Re: Indecent images plus more.

Post by Suzie, FRG Adviser » Wed Jun 08, 2016 2:12 pm

Hi Alhoward,

Thank you for posting on the parents forum again.

Your post is very informative –particularly the difficulty you have in finding support for your situation. Because children services had assessed you as protective from the start as you no longer wished to carry on a relationship with dad, they had closed your daughter’s case as there was no need for their involvement. The downside is that you may not have been directed to support for yourself. I can see that you might feel very isolated.
You might want to refer back to them for an early help assessment or support in light of dad coming out of prison.


Action for prisoners families’ have some information for families of sex offenders so should be able to offer some support.


I will also ask my colleagues whether they are aware of any specific advice line or service that might be available.

As dad will be coming out of prison soon, I expect that a referral will be made to children services to advise them of this. So children services are likely to get in touch with you again.

Also multi-agency risk assessment will take place to ascertain the level of risk that dad might pose to the public and how that risk will be managed. Here is some information about these assessments.

In respect of any court application for contact that dad might make, you could contact the Coram children’s legal centre or Rights of Women about the legal process.

I hope this information helps but please post again or if you need more in depth advice, you could also contact our advice line on 0808 801 0366.
I will hopefully be able to find other resources that might be of help to you.

Best wishes,

Suzie

Alhow*
Posts: 5
Joined: Wed Mar 09, 2016 10:28 pm

Re: Indecent images plus more.

Post by Alhow* » Sun Aug 07, 2016 10:07 pm

Hi Suzie,

I know a lot of time has passed since I last posted. And I must say that I really appreciate your advice and support even though I did not express that at the time. Although I had no other positive support from many places, you quickly responded, and although I felt there was no where left to go, you still tried to help. Thank you. As time has passed, things with my daughter have settled down somewhat. In the last week I learned that my ex partner is now being deported and will not be allowed to come back, as far as I know. As much as that takes most of the decisions away from me I can still not help but feel very sad about the situation for my daughter. I also appreciate that a lot of other women do not have the same situation as me and have to deal with the ongoing harrowing dilemma of the male still being about somewhere.
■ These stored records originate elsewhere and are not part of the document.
(* Point [p] belongs to cluster [p %/ N]: the first [m] coordinates put
   points of distinct clusters at least [sqrt 2 / eps] apart, the last [m * N]
   ones put distinct points of a cluster exactly [r] apart. *)
Definition cluster_point (p : nat) : 'rV[R]_(m + m * N) :=
  \row_(k < m + m * N)
    if (k < m)%N then if k == (p %/ N)%N :> nat then eps^-1 else 0
    else if (k - m == p)%N then r / Num.sqrt 2 else 0.

Definition clustered_config : seq 'rV[R]_(m + m * N) :=
  map cluster_point (iota 0 (m * N)).

Lemma dist2_cluster_point p p' : (p < m * N)%N -> (p' < m * N)%N ->
  dist2 (cluster_point p) (cluster_point p') =
  Num.sqrt ((if (p %/ N == p' %/ N)%N then 0 else 2 * eps^-1 ^+ 2) +
            (if p == p' then 0 else r ^+ 2)).
Proof.
move=> p_lt p'_lt; rewrite /dist2 big_split_ord /=; congr (Num.sqrt (_ + _)).
  under eq_bigr => k _ do rewrite !mxE /= ltn_ord.
  by apply: sum_sqr_sub_delta; rewrite ltn_divLR.
under eq_bigr => k _ do rewrite !mxE /= ltnNge leq_addr /= addKn.
rewrite sum_sqr_sub_delta //; case: eqVneq => // _.
by rewrite expr_div_n sqr_sqrtr ?ler0n // mulrC divfK ?pnatr_eq0.
Qed.

Lemma dist2_cluster_point_same p p' : (p < m * N)%N -> (p' < m * N)%N ->
  (p %/ N = p' %/ N)%N -> p != p' -> dist2 (cluster_point p) (cluster_point p') = r.
Proof.
move=> p_lt p'_lt same pp'; rewrite dist2_cluster_point // same eqxx (negbTE pp').
by rewrite add0r sqrtr_sqr ger0_norm // (ltW r_gt0).
Qed.

Lemma dist2_cluster_point_far p p' : (p < m * N)%N -> (p' < m * N)%N ->
  (p %/ N != p' %/ N)%N -> 1 <= eps * dist2 (cluster_point p) (cluster_point p').
Proof.
move=> p_lt p'_lt far; rewrite -(mulfV (lt0r_neq0 eps_gt0)) ler_pM2l //.
have inv_ge0 : 0 <= eps^-1 by rewrite invr_ge0 (ltW eps_gt0).
have sqr_ge0' : 0 <= if p == p' then 0 else r ^+ 2 :> R by case: ifP; rewrite ?sqr_ge0.
rewrite dist2_cluster_point // (negbTE far) -[X in X <= _](ger0_norm inv_ge0).
rewrite -sqrtr_sqr ler_sqrt ?addr_ge0 ?mulr_ge0 ?sqr_ge0 //.
apply: (@le_trans _ _ (2 * eps^-1 ^+ 2)); last by rewrite lerDl.
by rewrite ler_peMl ?sqr_ge0 // ler1n.
Qed.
It is truly horrendous. As no one else has posted I will leave it at that. But thank you to you.

Boobop16
Posts: 19
Joined: Thu Jul 07, 2016 8:31 am

Re: Indecent images plus more.

Post by Boobop16 » Mon Aug 08, 2016 10:02 am

Alhoward

At least you have some sort of solution and you know your girl will be safe. Lots of children grow up without fathers, I did, and am a widow so my daughter will as well. More important is that they are loved, nurtured by those who are there. Don't beat yourself up, it's not your fault. Keep heart and keep strong. Wishing you lots of luck.